Directions for this task: Check every line below for the word "dprodE" and show those that hold it.

§

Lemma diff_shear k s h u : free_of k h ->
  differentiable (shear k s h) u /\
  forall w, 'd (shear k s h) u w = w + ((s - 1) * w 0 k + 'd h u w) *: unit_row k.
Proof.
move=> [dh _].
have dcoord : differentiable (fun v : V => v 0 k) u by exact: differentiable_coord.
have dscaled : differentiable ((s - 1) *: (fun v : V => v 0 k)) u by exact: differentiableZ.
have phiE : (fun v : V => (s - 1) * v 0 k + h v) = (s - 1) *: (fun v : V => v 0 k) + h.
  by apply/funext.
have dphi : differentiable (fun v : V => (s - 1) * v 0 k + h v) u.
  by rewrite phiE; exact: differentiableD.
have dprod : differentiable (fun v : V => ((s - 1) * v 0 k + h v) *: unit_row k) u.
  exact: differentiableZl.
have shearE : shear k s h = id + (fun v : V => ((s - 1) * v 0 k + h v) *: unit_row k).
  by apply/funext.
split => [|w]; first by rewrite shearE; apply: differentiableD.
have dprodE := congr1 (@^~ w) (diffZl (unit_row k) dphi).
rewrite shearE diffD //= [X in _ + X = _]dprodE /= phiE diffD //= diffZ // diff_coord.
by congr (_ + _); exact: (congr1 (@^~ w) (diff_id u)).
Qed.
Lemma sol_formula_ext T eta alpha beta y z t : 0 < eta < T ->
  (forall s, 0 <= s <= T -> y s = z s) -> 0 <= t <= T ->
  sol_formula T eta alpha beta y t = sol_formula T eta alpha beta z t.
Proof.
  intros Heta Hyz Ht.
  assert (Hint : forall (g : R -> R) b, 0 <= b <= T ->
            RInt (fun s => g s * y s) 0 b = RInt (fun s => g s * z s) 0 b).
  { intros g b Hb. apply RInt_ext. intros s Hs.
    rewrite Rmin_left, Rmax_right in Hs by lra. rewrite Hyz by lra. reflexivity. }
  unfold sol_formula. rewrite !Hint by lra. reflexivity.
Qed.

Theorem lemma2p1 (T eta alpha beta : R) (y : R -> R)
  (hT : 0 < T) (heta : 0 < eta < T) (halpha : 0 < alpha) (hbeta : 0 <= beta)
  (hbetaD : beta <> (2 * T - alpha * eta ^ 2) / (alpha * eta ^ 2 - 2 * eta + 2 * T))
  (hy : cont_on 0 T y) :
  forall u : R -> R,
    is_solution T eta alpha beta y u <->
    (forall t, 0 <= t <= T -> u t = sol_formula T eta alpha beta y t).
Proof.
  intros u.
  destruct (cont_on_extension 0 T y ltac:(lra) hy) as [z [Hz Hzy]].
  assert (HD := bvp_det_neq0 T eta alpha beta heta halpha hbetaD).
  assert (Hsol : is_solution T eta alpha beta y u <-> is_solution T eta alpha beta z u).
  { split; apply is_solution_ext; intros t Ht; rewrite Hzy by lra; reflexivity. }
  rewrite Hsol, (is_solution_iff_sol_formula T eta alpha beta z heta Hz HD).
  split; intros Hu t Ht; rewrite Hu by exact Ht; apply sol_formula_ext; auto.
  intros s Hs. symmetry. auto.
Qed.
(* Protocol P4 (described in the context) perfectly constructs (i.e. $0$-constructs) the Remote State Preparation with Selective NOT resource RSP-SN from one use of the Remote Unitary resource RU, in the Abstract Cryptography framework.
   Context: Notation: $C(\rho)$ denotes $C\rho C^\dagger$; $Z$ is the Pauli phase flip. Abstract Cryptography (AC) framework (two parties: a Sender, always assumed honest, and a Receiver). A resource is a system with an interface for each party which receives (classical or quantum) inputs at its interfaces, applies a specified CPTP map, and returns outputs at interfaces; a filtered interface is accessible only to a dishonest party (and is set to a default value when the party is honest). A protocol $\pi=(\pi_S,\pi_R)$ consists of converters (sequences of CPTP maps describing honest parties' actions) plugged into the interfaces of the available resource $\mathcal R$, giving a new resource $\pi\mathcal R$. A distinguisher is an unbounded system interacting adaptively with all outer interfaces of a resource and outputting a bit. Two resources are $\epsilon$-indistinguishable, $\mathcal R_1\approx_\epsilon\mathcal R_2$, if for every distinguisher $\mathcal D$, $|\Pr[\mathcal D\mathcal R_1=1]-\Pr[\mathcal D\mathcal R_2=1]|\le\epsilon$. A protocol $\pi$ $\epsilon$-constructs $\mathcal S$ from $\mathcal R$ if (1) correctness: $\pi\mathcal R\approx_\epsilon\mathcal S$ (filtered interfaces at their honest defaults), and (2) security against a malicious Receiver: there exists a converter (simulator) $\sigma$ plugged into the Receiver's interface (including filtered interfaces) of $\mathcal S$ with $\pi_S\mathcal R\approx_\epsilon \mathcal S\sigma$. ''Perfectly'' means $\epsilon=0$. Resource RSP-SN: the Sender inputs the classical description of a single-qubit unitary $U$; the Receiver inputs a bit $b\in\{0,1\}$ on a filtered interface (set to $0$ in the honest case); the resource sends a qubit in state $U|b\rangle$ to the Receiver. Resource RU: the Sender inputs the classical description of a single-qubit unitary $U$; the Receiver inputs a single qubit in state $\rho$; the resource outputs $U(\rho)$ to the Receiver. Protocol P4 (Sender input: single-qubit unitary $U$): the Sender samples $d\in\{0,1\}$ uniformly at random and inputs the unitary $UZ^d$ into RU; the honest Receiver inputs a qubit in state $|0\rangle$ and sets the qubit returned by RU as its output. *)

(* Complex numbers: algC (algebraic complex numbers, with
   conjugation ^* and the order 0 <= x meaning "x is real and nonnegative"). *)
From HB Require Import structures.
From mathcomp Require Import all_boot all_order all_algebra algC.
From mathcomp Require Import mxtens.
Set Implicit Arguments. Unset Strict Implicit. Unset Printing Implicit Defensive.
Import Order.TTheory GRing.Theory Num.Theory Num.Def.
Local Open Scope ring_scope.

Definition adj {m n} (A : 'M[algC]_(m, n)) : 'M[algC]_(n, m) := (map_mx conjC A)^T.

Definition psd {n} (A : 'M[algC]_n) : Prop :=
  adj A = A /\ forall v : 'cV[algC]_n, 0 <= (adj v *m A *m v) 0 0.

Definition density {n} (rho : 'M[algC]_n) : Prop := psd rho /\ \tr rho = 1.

§

Task solution:
have dprodE := congr1 (@^~ w) (diffZl (unit_row k) dphi).
rewrite shearE diffD //= [X in _ + X = _]dprodE /= phiE diffD //= diffZ // diff_coord.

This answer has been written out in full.